Again, the goal is not to provide an extensive, technical review of the projects, but rather to explain what made possible the miracle that such a complex technical, institutional, human and financial organization works in the long-term.

"In companies"

Practical experiences from the Blue Gene project

Author : Manish Gupta, from IBM.

IBM Grid Technical Strategy

Author : Jean-Pierre Prost, from IBM.

In this talk, we will first present IBM's approach towards commercial grid computing, illustrating it with real customer cases. We will then introduce IBM's grid strategic directions and describe research projects, aimed at developing new capabilities to fulfill enterprise grid requirements.

"In specific projects"

MareNostrum: building and running the system

Author : Sergi Girona, operation manager of the BSC (and of MareNostrum). Also, he led the site preparation project.

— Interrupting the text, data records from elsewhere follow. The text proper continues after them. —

Lemma echar_shift (k n : 'I_d -> int) (x : 'I_d -> R) :
  echar k (shiftz x n) =
  echar k x * \prod_i expi (2 * pi * ((k i)%:~R * (n i)%:~R) / N%:R).
Proof.
rewrite /echar /zdot /shiftz -expi_sum -expiD; congr expi.
rewrite -mulr_suml -mulr_sumr -mulrDl -mulrDr -big_split /=.
by congr (_ * _ / _); apply: eq_bigr => i _; rewrite mulrDr.
Qed.

Lemma echarD (k j : 'I_d -> int) (x : 'I_d -> R) :
  echar (fun i => k i + j i) x = echar k x * echar j x.
Proof.
rewrite /echar -expiD /zdot -mulrDl -mulrDr -big_split /=.
by congr (expi (_ * _ / _)); apply: eq_bigr => i _; rewrite intrD mulrDl.
Qed.

Lemma echar0 (x : 'I_d -> R) : echar (fun _ => 0) x = 1.
Proof. by rewrite /echar /zdot big1 ?mulr0 ?mul0r ?expi0 // => i _; rewrite mul0r. Qed.

Definition cube_weight (k : 'I_d -> int) : R[i] :=
  if [forall i, (N%:Z %| k i)%Z] then N%:R ^+ d else 0.

Definition cube_radius (x : 'I_d -> R) : nat :=
  (\max_i (absz (Num.floor (x i)) + N))%N.

Lemma boxsum_chi_cube_echar (M : nat) (k : 'I_d -> int) (x : 'I_d -> R) :
  (cube_radius x <= M)%N ->
  boxsum d M (fun n => chi_cube N (shiftz x n) * echar k (shiftz x n)) =
  echar k x * cube_weight k.
Proof.
move=> le_M.
have -> : cube_weight k = \prod_i interval_sum M (k i) (x i).
  rewrite (eq_bigr (fun i => if (N%:Z %| k i)%Z then N%:R else 0)); last first.
    move=> i _; rewrite interval_sumE //; apply: leq_trans le_M.
    by rewrite /cube_radius (bigD1 i) //= leq_maxl.
  by rewrite prodr_if_forall card_ord.
rewrite /boxsum /interval_sum (bigA_distr_bigA (fun i (j : 'I_(M + M).+1) =>
  chi_interval (x i + (j%:Z - M%:Z)%:~R) *
  expi (2 * pi * ((k i)%:~R * (j%:Z - M%:Z)%:~R) / N%:R))) mulr_sumr.
by apply: eq_bigr => n _; rewrite chi_cube_prod echar_shift mulrCA -big_split.
Qed.

Lemma cvg_lattice_sum (P : ('I_d -> R[i]) -> R[i]) (c : ('I_d -> int) -> R[i])
    (x : 'I_d -> R) (M : nat) :
  (forall y, ((fun L => boxsum d L (fun k => c k * echar k y)) : nat -> R[i]^o)
     @ \oo --> (P (realvec y) : R[i]^o)) ->
  (cube_radius x <= M)%N ->
  ((fun L => boxsum d L (fun k => c k * cube_weight k * echar k x)) : nat -> R[i]^o)
    @ \oo --> (boxsum d M (fun n => P (realvec (shiftz x n)) * chi_cube N (shiftz x n))
               : R[i]^o).
Proof.
move=> cvg_series le_M.
pose y (n : {ffun 'I_d -> 'I_(M + M).+1}) := shiftz x (fun i => (n i)%:Z - M%:Z).
have -> : (fun L => boxsum d L (fun k => c k * cube_weight k * echar k x)) =
    (fun L => \sum_n boxsum d L (fun k => c k * echar k (y n)) * chi_cube N (y n)).
  apply: funext => L; rewrite /boxsum; under [RHS]eq_bigr do rewrite mulr_suml.
  rewrite exchange_big; apply: eq_bigr => k _.
  rewrite mulrAC -mulrA -(boxsum_chi_cube_echar _ le_M) /boxsum mulr_sumr.
  by apply: eq_bigr => n _; rewrite (mulrC (chi_cube _ _)) mulrA.
apply: cvg_big => [|n _]; first exact: add_continuous.
exact: cvgMr_tmp (cvg_series _).
Qed.

Lemma partition_of_unityE (P : ('I_d -> R[i]) -> R[i]) (c : ('I_d -> int) -> R[i]) :
  (forall y, ((fun L => boxsum d L (fun k => c k * echar k y)) : nat -> R[i]^o)
     @ \oo --> (P (realvec y) : R[i]^o)) ->
  partition_of_unity N P <->
  forall x, ((fun L => boxsum d L (fun k => c k * cube_weight k * echar k x))
               : nat -> R[i]^o) @ \oo --> (1 : R[i]^o).
Proof.
move=> cvg_series; split => pou x.
  pose S M : R[i]^o :=
    boxsum d M (fun n => P (realvec (shiftz x n)) * chi_cube N (shiftz x n)).
  have S_cvg : S @ \oo --> S (cube_radius x).
    apply: cvg_near_cst; near=> M.
    have le_M : (cube_radius x <= M)%N by near: M; exact: nbhs_infty_ge.
    exact: (cvg_unique _ (cvg_lattice_sum cvg_series le_M)
                         (cvg_lattice_sum cvg_series (leqnn _))).
  rewrite -(cvg_unique _ S_cvg (pou x)) //.
  exact: cvg_lattice_sum cvg_series (leqnn _).
apply: cvg_near_cst; near=> M.
have le_M : (cube_radius x <= M)%N by near: M; exact: nbhs_infty_ge.
exact: (cvg_unique _ (cvg_lattice_sum cvg_series le_M) (pou x)).
Unshelve. all: by end_near.
Qed.

End LatticeSum.

Arguments cube_weight {R d} N k.

Lemma dvdz_abs_lt_eq0 (L : nat) (m : int) : (L%:Z %| m)%Z -> (absz m < L)%N -> m = 0.
Proof.
rewrite dvdzE => L_dvd m_lt; apply/eqP; rewrite -absz_eq0; apply/eqP.
by apply/contraTeq: m_lt => /negbTE m_neq0; rewrite -leqNgt dvdn_leq // lt0n m_neq0.
Qed.

Lemma normcE (R : realType) (z : R[i]) : `|z| = (Normc.normc z)%:C.
Proof. by []. Qed.

Lemma normc_ge0 (R : realType) (z : R[i]) : 0 <= Normc.normc z.
Proof. by have := normr_ge0 z; rewrite normcE -[0 : R[i]]/(0%:C) lecR. Qed.

Section FourierUniqueness.
Variables (R : realType) (d N : nat).
Hypothesis N_gt0 : (0 < N)%N.

Definition grid_point (L : nat) (m : {ffun 'I_d -> 'I_L}) : 'I_d -> R :=
  fun i => N%:R * (m i)%:R / L%:R.

Lemma sum_grid_echar (L : nat) (k : 'I_d -> int) : (0 < L)%N ->
  \sum_(m : {ffun 'I_d -> 'I_L}) echar N k (grid_point m) =
  if [forall i, (L%:Z %| k i)%Z] then L%:R ^+ d else 0.
Proof.
move=> L_gt0; pose w i := expi (2 * pi * (k i)%:~R / L%:R : R).
rewrite (eq_bigr (fun m : {ffun 'I_d -> 'I_L} => \prod_i w i ^+ m i)); last first.
  move=> m _; under eq_bigr do rewrite -expiMn.
  rewrite -expi_sum /echar /zdot mulr_sumr mulr_suml; congr expi.
  apply: eq_bigr => i _; rewrite /grid_point; field.
  by rewrite !pnatr_eq0 -!lt0n N_gt0 L_gt0.
rewrite -(bigA_distr_bigA (fun i (t : 'I_L) => w i ^+ t)) /=.
by under eq_bigr do rewrite sum_expi_root_pow //; rewrite prodr_if_forall card_ord.
Qed.

Definition cong_ind (L : nat) (j0 k : 'I_d -> int) : R[i] :=
  if [forall i, (L%:Z %| k i - j0 i)%Z] then 1 else 0.

Lemma cong_indE (L : nat) (j0 k : 'I_d -> int) :
  (forall i, (absz (k i - j0 i) < L)%N) ->
  cong_ind L j0 k = if [forall i, k i == j0 i] then 1 else 0.
Proof.
move=> small; rewrite /cong_ind; congr (if _ then _ else _); apply: eq_forallb => i.
apply/idP/eqP => [L_dvd|->]; last by rewrite subrr dvdz0.
by apply/eqP; rewrite -subr_eq0; apply/eqP/(dvdz_abs_lt_eq0 L_dvd).
Qed.

Lemma cvg_congruence_sum (a : ('I_d -> int) -> R[i]) (C : R[i]) (L : nat)
    (j0 : 'I_d -> int) : (0 < L)%N ->
  (forall x, ((fun M => boxsum d M (fun k => a k * echar N k x)) : nat -> R[i]^o)
     @ \oo --> (C : R[i]^o)) ->
  ((fun M => boxsum d M (fun k => a k * cong_ind L j0 k)) : nat -> R[i]^o)
    @ \oo --> (C * cong_ind L j0 (fun _ => 0) : R[i]^o).
Proof.
move=> L_gt0 cvg_series.
have Ld_neq0 : (L%:R : R[i]) ^+ d != 0 by rewrite expf_neq0 // pnatr_eq0 -lt0n.
pose e_j0 (m : {ffun 'I_d -> 'I_L}) := echar N (fun i => - j0 i) (grid_point m).
have grid_cong k :
    \sum_m echar N k (grid_point m) * e_j0 m = L%:R ^+ d * cong_ind L j0 k.
  under eq_bigr do rewrite -echarD.
  by rewrite sum_grid_echar // /cong_ind; case: ifP; rewrite ?mulr1 ?mulr0.
have -> : C * cong_ind L j0 (fun _ => 0) = (L%:R ^+ d)^-1 * \sum_m C * e_j0 m.
  have sum_e_j0 : \sum_m e_j0 m = L%:R ^+ d * cong_ind L j0 (fun _ => 0).
    by rewrite -grid_cong; apply: eq_bigr => m _; rewrite echar0 mul1r.
  by rewrite -mulr_sumr mulrCA sum_e_j0 mulKf.
have -> : (fun M => boxsum d M (fun k => a k * cong_ind L j0 k)) =
    (fun M => (L%:R ^+ d)^-1 *
       \sum_m boxsum d M (fun k => a k * echar N k (grid_point m)) * e_j0 m).
  apply: funext => M; rewrite -[LHS](mulKf Ld_neq0); congr (_ * _).
  rewrite /boxsum mulr_sumr; under [RHS]eq_bigr do rewrite mulr_suml.
  rewrite exchange_big; apply: eq_bigr => k _.
  by rewrite mulrCA -grid_cong mulr_sumr; apply: eq_bigr => m _; rewrite mulrA.
apply: cvgMl_tmp; apply: cvg_big => [|m _]; first exact: add_continuous.
exact: cvgMr_tmp (cvg_series _).
Qed.

Definition maxabs (j : 'I_d -> int) : nat := (\max_i absz (j i))%N.

Lemma maxabs_ge (j : 'I_d -> int) (i : 'I_d) : (absz (j i) <= maxabs j)%N.
Proof. by rewrite /maxabs (bigD1 i) //= leq_maxl. Qed.

Definition abs_boxsum (a : ('I_d -> int) -> R[i]) (M : nat) : R :=
  boxsum d M (fun k => Normc.normc (a k)).

Lemma abs_boxsum_split (a : ('I_d -> int) -> R[i]) (M M' : nat) : (M <= M')%N ->
  abs_boxsum a M' = abs_boxsum a M +
    \sum_(n : {ffun 'I_d -> 'I_(M' + M').+1} | ~~ inbox M (fun i => (n i)%:Z - M'%:Z))
       Normc.normc (a (fun i => (n i)%:Z - M'%:Z)).
Proof.
move=> le_MM'; rewrite /abs_boxsum -(boxsum_inbox _ le_MM') /boxsum.
by rewrite (bigID (fun n : {ffun 'I_d -> 'I_(M' + M').+1} =>
  inbox M (fun i => (n i)%:Z - M'%:Z))).
Qed.

Lemma abs_boxsum_nondecreasing (a : ('I_d -> int) -> R[i]) :
  nondecreasing_seq (abs_boxsum a).
Proof.
move=> M M' le_MM'; rewrite (abs_boxsum_split a le_MM') lerDl.
by apply: sumr_ge0 => n _; exact: normc_ge0.
Qed.

Lemma boxsum_cong_tail (a : ('I_d -> int) -> R[i]) (j0 : 'I_d -> int) (L M M' : nat) :
  (maxabs j0 <= M)%N -> (M + maxabs j0 < L)%N -> (M <= M')%N ->
  `|boxsum d M' (fun k => a k * cong_ind L j0 k) - a j0| <=
  (abs_boxsum a M' - abs_boxsum a M)%:C.
Proof.
move=> j0_le le_L le_MM'.
have j0_in : inbox M j0.
  by apply/forallP => i; have := maxabs_ge j0 i; move=> ?; apply/andP; split; lia.
have inner : boxsum d M (fun k => a k * cong_ind L j0 k) = a j0.
  rewrite -(boxsum_delta (a j0) j0_in) /boxsum; apply: eq_bigr => n _.
  have /forallP n_in := inbox_shift n.
  rewrite cong_indE => [|i]; last by move: (n_in i) (maxabs_ge j0 i); lia.
  case: forallP => [n_eq|_]; last by rewrite mulr0.
  by rewrite mulr1; congr a; apply: funext => i; apply/eqP/n_eq.
rewrite /boxsum (bigID (fun n : {ffun 'I_d -> 'I_(M' + M').+1} =>
  inbox M (fun i => (n i)%:Z - M'%:Z))) /=.
rewrite (boxsum_inbox (fun k => a k * cong_ind L j0 k) le_MM') inner addrC addKr.
apply: le_trans (ler_norm_sum _ _ _) _.
rewrite (abs_boxsum_split a le_MM') addrC addKr rmorph_sum /=.
apply: ler_sum => n _; rewrite normrM /cong_ind.
by case: ifP => _; rewrite ?normr1 ?normr0 ?mulr1 ?mulr0 // -normcE.
Qed.

Lemma fourier_coef_const (a : ('I_d -> int) -> R[i]) (C : R[i]) (B : R) :
  (forall M, abs_boxsum a M <= B) ->
  (forall x, ((fun M => boxsum d M (fun k => a k * echar N k x)) : nat -> R[i]^o)
     @ \oo --> (C : R[i]^o)) ->
  forall j0, a j0 = if [forall i, j0 i == 0] then C else 0.
Proof.
move=> abs_bounded cvg_series j0.
have abs_mono := abs_boxsum_nondecreasing a.
have abs_cvg : abs_boxsum a @ \oo --> limn (abs_boxsum a).
  by apply: nondecreasing_is_cvgn => //; exists B => _ [M _ <-].
have abs_le_lim := nondecreasing_cvgn_le abs_mono abs_cvg.
set S := limn _ in abs_cvg abs_le_lim.
pose J := maxabs j0; set target := if _ then C else 0.
have cong_lim L : (J < L)%N -> C * cong_ind L j0 (fun _ => 0) = target.
  move=> J_lt; rewrite cong_indE => [|i]; last first.
    by rewrite sub0r abszN; apply: leq_ltn_trans (maxabs_ge j0 i) J_lt.
  rewrite /target; under [in RHS]eq_forallb => i do rewrite eq_sym.
  by case: ifP; rewrite ?mulr1 ?mulr0.
suff dist_small e : 0 < e -> Normc.normc (target - a j0) <= e.
  have dist0 : Normc.normc (target - a j0) = 0.
    apply/le_anti; rewrite normc_ge0 andbT.
    by apply/ler_addgt0Pr => e e_gt0; rewrite add0r; exact: dist_small.
  by apply/eqP; rewrite eq_sym -subr_eq0 -normr_eq0 normcE dist0.
move=> e_gt0; have e2_gt0 : 0 < e / 2 by rewrite divr_gt0.
have [M0 _ abs_close] := (cvgrPdist_lt _ _).1 abs_cvg _ e2_gt0.
(* Since M + J < L, the class of j0 mod L meets the box of radius M only in j0,
   and L divides j0 only if j0 = 0. *)
pose M := (M0 + J)%N; pose L := (M + J).+1.
have cong_cvg := cvg_congruence_sum (j0 := j0) (ltn0Sn (M + J)) cvg_series.
rewrite cong_lim in cong_cvg; last by rewrite /L /M; lia.
have [M1 _ cong_close] :=
  (cvgrPdist_lt _ _).1 cong_cvg (e / 2)%:C (eqbRL (ltcR _ _) e2_gt0).
pose M' := maxn M1 M.
have := cong_close M' (leq_maxl _ _); rewrite normcE ltcR => close1.
have := boxsum_cong_tail a (leq_addl M0 J) (ltnSn _) (leq_maxr M1 M).
rewrite normcE lecR => close2.
have /andP[_ close3] : - (e / 2) < S - abs_boxsum a M < e / 2.
  by rewrite -ltr_norml; exact: abs_close (leq_addr _ _).
have := ler_distD (boxsum d M' (fun k => a k * cong_ind L j0 k)) target (a j0).
rewrite !normcE -rmorphD lecR => triangle.
have := abs_le_lim M'; lra.
Qed.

The Hungarian ClusterGrid Initiative: Management issues of a 3-years production grid

Author : Peter Stefan, Ph.D., research associate, NIIF/HUNGARNET

The presentation attempts to give a brief survey over the major achievements of one of the earliest production grids in Europe, the Hungarian ClusterGrid Infrastructure. It is the largest national grid system in Hungary, coordinated by NIIF/HUNGARNET, that utilizes the free CPU cycles of desktop PCs being used for education (on Microsoft Windows) during the official work hours of different institutional labs, and being used for supercomputing purposes (regularly on Linux) during the less busy periods, typically the nights and week-ends. The ClusterGrid as an infrastructure contains 1100 compute nodes of 26 interconnected institutions (universities, research institutes) and a cost effective storage media serving over 200 academic users. The whole system, on a smaller quantity scale, has been put into production in 2002. The presentation will also cover questions like what is the software infrastructure stack like?, how are the large number of PC-s managed by minor number of participants?, how is the whole system maintained over 1000 nodes?, how is the platform independence guaranteed? and in which ways the users are supported? In the conclusion, a brief summary will be given about the production grid experiences during the past 3 years, and some additional remarks will also be highlighted about the future development plans.